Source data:
==*==
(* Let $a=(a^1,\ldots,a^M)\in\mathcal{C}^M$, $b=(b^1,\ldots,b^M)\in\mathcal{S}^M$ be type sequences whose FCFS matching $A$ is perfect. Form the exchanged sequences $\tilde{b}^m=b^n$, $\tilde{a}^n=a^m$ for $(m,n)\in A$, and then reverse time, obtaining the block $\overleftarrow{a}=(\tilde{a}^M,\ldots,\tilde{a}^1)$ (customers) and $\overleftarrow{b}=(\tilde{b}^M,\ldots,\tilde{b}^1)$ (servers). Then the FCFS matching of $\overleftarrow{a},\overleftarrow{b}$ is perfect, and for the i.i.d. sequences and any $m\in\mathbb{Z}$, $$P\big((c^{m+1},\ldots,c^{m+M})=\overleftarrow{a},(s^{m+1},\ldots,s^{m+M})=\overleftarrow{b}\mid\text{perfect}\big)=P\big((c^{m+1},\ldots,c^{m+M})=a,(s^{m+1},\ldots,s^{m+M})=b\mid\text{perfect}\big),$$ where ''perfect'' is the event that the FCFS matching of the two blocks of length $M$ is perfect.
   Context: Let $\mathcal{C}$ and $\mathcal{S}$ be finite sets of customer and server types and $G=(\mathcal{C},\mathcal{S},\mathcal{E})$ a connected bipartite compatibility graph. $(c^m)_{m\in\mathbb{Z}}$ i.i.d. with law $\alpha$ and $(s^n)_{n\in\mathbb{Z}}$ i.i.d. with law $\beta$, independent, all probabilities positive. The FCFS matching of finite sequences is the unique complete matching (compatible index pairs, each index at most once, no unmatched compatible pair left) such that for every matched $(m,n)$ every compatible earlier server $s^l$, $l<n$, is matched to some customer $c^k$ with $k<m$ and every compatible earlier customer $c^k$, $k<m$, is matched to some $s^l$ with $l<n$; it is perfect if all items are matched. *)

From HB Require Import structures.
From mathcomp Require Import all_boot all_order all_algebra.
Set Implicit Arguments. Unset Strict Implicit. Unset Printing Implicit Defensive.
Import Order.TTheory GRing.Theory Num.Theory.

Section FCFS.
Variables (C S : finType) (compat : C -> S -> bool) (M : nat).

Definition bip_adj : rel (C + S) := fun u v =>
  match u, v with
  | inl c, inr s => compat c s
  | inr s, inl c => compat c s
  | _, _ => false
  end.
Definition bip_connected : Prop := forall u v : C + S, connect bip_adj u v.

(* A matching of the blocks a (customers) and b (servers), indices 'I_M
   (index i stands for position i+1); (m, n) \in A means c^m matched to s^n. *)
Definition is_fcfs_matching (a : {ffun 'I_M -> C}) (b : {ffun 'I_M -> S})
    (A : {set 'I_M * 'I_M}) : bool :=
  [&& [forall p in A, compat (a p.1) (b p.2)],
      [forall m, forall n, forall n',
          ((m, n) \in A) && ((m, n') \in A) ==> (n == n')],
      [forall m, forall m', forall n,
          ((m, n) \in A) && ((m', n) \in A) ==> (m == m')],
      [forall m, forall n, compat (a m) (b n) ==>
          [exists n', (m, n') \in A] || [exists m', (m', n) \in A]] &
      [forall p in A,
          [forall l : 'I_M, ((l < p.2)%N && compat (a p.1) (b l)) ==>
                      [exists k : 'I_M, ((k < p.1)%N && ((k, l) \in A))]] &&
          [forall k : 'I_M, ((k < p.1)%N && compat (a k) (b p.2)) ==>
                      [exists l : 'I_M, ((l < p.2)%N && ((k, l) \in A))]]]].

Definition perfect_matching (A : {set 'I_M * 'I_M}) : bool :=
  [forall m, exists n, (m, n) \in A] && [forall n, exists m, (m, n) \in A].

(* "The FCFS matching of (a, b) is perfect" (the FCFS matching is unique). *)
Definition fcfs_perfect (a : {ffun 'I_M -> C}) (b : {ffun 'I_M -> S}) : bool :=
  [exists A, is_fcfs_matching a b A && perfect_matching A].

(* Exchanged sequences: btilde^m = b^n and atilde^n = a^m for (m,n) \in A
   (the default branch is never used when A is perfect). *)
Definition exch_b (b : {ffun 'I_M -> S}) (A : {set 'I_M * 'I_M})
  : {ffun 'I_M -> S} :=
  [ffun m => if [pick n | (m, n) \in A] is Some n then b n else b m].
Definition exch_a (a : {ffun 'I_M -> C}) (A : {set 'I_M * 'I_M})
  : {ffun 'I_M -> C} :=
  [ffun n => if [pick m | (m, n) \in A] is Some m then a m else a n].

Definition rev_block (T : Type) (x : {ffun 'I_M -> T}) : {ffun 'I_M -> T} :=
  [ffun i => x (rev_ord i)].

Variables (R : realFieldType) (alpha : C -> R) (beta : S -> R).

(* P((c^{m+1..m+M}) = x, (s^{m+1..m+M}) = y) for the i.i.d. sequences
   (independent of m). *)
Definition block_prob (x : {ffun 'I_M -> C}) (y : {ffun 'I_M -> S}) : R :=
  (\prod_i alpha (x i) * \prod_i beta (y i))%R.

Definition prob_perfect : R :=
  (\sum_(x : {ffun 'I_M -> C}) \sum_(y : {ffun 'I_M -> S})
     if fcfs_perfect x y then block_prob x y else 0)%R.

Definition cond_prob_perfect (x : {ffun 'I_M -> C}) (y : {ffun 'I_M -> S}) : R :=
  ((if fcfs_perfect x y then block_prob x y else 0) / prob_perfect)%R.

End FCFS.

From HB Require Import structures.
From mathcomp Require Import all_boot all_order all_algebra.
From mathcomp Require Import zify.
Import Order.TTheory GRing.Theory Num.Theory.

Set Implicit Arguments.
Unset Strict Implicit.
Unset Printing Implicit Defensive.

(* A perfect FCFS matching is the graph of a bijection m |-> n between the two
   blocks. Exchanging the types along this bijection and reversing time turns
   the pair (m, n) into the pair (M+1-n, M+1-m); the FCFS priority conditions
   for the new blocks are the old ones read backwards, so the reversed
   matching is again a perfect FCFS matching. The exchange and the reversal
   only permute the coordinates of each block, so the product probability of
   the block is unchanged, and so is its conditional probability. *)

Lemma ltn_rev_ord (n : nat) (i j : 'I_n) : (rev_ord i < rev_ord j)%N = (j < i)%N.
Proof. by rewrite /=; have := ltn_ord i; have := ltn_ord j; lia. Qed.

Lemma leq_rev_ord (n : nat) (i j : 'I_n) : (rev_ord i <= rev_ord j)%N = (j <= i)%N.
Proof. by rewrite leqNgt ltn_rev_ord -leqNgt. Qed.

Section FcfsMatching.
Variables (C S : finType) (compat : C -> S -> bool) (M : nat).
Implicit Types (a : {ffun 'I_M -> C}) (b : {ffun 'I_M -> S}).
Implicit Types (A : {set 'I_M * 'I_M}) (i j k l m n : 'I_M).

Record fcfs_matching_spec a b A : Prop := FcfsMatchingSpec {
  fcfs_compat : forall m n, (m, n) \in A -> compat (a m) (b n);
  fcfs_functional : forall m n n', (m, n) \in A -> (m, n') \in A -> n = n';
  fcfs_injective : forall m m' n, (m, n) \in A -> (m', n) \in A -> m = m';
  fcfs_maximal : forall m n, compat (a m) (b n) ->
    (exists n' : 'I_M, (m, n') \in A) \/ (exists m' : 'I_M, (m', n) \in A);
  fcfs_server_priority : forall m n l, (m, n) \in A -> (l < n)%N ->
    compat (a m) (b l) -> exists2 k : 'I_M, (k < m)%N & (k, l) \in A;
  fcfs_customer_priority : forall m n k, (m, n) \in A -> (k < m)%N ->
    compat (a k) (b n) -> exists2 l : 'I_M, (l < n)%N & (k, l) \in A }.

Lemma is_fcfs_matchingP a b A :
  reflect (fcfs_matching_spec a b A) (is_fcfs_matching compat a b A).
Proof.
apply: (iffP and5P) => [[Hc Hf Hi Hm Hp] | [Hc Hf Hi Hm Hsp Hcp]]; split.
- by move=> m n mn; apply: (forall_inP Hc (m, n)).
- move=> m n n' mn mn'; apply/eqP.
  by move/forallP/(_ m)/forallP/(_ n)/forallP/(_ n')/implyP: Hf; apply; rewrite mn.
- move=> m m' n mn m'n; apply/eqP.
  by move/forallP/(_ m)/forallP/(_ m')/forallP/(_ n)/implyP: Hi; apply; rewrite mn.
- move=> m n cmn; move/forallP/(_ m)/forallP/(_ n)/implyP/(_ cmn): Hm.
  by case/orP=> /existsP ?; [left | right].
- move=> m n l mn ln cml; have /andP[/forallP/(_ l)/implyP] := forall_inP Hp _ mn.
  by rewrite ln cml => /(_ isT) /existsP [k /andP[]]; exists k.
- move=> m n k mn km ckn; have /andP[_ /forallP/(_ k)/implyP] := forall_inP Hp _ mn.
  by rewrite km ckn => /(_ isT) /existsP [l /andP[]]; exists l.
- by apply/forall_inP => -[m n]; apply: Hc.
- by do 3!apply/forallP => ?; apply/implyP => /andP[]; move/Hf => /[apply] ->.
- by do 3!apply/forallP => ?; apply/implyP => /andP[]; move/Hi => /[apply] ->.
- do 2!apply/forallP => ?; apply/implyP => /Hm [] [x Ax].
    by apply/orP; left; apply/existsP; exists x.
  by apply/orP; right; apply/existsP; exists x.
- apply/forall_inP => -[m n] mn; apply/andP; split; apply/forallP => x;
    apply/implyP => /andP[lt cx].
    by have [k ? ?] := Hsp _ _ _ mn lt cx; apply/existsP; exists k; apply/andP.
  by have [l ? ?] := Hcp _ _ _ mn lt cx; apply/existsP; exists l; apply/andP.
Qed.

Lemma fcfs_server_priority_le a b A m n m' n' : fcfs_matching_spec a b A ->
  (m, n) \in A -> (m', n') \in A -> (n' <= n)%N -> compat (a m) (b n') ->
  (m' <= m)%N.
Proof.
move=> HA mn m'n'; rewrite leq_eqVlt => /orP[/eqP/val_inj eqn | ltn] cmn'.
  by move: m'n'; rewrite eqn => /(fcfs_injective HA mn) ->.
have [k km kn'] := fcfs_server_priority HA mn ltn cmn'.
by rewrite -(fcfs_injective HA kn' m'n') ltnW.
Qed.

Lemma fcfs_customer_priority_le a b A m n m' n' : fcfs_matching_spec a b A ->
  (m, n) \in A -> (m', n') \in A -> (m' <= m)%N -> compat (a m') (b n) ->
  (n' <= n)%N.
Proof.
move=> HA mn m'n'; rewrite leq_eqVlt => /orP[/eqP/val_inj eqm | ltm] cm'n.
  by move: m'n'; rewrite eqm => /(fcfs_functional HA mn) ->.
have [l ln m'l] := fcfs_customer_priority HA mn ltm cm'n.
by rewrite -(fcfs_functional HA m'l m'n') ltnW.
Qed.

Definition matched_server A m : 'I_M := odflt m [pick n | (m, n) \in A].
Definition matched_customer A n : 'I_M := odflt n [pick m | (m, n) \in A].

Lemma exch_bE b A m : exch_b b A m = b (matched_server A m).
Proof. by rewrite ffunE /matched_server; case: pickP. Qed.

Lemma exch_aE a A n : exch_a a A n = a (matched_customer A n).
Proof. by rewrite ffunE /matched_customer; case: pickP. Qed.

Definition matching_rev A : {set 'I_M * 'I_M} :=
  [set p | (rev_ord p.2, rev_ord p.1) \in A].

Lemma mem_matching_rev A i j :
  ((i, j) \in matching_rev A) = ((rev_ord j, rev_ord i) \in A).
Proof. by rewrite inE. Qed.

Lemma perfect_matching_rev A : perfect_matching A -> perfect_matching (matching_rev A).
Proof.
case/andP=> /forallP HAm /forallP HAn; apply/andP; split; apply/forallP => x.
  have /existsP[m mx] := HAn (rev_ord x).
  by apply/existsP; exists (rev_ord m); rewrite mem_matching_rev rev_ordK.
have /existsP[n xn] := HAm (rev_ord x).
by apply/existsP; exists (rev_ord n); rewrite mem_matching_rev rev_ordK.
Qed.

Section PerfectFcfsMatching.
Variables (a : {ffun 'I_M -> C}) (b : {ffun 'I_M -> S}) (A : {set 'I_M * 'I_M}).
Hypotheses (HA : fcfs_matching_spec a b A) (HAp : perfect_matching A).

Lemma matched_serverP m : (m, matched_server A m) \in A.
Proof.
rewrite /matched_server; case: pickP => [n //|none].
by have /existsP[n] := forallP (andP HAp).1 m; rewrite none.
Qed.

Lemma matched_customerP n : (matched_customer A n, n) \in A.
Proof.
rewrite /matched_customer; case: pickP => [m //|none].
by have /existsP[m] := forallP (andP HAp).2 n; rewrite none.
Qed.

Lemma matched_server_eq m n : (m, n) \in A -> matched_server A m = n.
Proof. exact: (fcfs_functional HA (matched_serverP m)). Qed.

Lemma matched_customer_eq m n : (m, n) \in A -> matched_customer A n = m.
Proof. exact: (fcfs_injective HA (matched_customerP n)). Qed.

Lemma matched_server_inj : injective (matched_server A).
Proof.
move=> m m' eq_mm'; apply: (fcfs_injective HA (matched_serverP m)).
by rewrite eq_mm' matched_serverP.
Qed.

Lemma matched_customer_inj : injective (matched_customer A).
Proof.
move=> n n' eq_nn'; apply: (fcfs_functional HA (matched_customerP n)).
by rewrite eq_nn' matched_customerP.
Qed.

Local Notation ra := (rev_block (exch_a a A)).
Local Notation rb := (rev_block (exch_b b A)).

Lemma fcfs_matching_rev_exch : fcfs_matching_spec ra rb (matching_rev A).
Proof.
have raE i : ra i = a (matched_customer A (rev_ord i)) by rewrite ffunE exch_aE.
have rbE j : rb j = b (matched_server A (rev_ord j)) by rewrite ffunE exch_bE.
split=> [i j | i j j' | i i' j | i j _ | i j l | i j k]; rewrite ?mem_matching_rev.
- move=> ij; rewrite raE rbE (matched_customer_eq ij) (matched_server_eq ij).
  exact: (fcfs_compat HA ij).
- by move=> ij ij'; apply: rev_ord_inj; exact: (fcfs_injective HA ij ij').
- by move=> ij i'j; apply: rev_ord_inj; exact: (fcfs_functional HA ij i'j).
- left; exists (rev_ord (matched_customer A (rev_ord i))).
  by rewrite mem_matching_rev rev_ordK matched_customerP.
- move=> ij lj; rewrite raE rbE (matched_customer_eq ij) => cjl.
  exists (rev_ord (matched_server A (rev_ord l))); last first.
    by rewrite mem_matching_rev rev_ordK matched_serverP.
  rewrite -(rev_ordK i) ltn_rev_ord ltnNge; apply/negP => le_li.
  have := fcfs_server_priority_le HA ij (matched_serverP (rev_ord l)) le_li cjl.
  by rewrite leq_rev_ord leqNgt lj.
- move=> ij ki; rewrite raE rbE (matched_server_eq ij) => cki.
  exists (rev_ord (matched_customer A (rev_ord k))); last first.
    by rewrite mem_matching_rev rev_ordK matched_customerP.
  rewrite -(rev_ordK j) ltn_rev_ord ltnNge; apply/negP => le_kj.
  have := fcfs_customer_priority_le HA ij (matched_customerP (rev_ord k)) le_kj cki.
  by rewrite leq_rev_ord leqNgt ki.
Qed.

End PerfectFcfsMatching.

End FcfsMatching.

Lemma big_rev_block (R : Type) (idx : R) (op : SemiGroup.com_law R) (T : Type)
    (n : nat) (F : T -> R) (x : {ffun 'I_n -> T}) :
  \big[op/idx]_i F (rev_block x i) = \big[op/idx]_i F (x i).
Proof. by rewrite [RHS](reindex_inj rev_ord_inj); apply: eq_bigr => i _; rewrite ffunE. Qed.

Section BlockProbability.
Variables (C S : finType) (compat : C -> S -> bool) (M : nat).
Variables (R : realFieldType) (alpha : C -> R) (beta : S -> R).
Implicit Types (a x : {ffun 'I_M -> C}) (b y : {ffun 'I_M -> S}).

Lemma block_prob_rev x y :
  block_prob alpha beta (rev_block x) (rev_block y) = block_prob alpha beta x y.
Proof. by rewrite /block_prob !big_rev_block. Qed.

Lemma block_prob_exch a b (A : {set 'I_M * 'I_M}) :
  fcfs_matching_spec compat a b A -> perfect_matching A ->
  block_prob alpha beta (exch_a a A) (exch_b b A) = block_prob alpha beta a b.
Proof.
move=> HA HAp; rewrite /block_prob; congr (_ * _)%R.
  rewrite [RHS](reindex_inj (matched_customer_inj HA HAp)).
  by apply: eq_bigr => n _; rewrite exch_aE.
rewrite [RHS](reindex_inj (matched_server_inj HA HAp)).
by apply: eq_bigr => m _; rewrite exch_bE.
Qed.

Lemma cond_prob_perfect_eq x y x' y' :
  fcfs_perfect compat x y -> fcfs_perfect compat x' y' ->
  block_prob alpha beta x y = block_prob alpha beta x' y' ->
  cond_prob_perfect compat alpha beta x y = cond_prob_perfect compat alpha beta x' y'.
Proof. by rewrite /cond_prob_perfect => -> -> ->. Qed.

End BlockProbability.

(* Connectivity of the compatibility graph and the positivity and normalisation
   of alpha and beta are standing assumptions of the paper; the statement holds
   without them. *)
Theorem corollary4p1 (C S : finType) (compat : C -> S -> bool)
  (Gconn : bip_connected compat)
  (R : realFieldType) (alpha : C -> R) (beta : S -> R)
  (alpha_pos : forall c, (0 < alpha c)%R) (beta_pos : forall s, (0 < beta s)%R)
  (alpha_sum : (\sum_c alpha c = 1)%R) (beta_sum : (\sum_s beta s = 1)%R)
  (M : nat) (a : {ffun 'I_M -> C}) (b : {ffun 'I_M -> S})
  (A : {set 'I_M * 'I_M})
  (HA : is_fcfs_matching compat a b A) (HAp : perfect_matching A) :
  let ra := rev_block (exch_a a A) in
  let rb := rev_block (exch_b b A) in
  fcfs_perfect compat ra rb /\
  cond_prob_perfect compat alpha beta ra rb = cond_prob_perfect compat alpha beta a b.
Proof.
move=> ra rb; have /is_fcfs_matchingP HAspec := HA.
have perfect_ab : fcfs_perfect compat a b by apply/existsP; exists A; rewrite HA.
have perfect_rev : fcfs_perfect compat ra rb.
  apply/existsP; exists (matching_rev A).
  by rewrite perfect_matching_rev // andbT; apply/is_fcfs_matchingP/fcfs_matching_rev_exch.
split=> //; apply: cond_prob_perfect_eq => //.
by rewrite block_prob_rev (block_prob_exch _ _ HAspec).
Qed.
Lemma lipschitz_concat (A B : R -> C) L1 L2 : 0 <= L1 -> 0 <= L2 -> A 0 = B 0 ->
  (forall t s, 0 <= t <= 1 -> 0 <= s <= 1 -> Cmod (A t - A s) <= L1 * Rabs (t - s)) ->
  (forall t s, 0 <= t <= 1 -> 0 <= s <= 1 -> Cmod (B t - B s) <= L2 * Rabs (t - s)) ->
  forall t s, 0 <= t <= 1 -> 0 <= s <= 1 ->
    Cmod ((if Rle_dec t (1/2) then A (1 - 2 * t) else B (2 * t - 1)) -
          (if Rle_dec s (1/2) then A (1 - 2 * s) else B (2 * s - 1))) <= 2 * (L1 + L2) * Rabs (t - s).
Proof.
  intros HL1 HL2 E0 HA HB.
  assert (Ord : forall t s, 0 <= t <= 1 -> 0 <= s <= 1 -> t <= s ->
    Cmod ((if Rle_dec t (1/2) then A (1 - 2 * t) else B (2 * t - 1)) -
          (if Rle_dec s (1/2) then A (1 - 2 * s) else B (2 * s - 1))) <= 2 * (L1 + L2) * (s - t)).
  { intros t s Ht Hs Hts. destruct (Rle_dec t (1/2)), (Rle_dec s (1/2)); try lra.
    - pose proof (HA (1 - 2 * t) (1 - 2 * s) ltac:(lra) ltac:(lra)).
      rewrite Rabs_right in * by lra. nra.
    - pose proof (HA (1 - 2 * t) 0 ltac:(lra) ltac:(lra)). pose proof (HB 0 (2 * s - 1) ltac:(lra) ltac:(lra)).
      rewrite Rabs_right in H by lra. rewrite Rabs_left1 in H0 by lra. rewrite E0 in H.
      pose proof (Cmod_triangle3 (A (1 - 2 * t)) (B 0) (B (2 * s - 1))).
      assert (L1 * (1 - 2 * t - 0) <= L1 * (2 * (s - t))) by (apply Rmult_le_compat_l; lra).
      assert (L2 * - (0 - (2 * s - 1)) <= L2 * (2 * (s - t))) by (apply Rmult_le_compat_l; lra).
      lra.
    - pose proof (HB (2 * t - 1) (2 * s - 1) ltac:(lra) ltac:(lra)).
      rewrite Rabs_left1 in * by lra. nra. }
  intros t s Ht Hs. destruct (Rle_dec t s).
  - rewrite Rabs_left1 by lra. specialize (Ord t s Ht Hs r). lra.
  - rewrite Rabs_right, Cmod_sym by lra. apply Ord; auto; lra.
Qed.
==*==
# TASK BRIEF
When the line with "[forall m, forall n, compat" is reached in the data above, begin copying, and stop after the line with "Definition perfect_matching (A"; copy each line exactly, both ends included.

# ANSWER
      [forall m, forall n, compat (a m) (b n) ==>
          [exists n', (m, n') \in A] || [exists m', (m', n) \in A]] &
      [forall p in A,
          [forall l : 'I_M, ((l < p.2)%N && compat (a p.1) (b l)) ==>
                      [exists k : 'I_M, ((k < p.1)%N && ((k, l) \in A))]] &&
          [forall k : 'I_M, ((k < p.1)%N && compat (a k) (b p.2)) ==>
                      [exists l : 'I_M, ((l < p.2)%N && ((k, l) \in A))]]]].

Definition perfect_matching (A : {set 'I_M * 'I_M}) : bool :=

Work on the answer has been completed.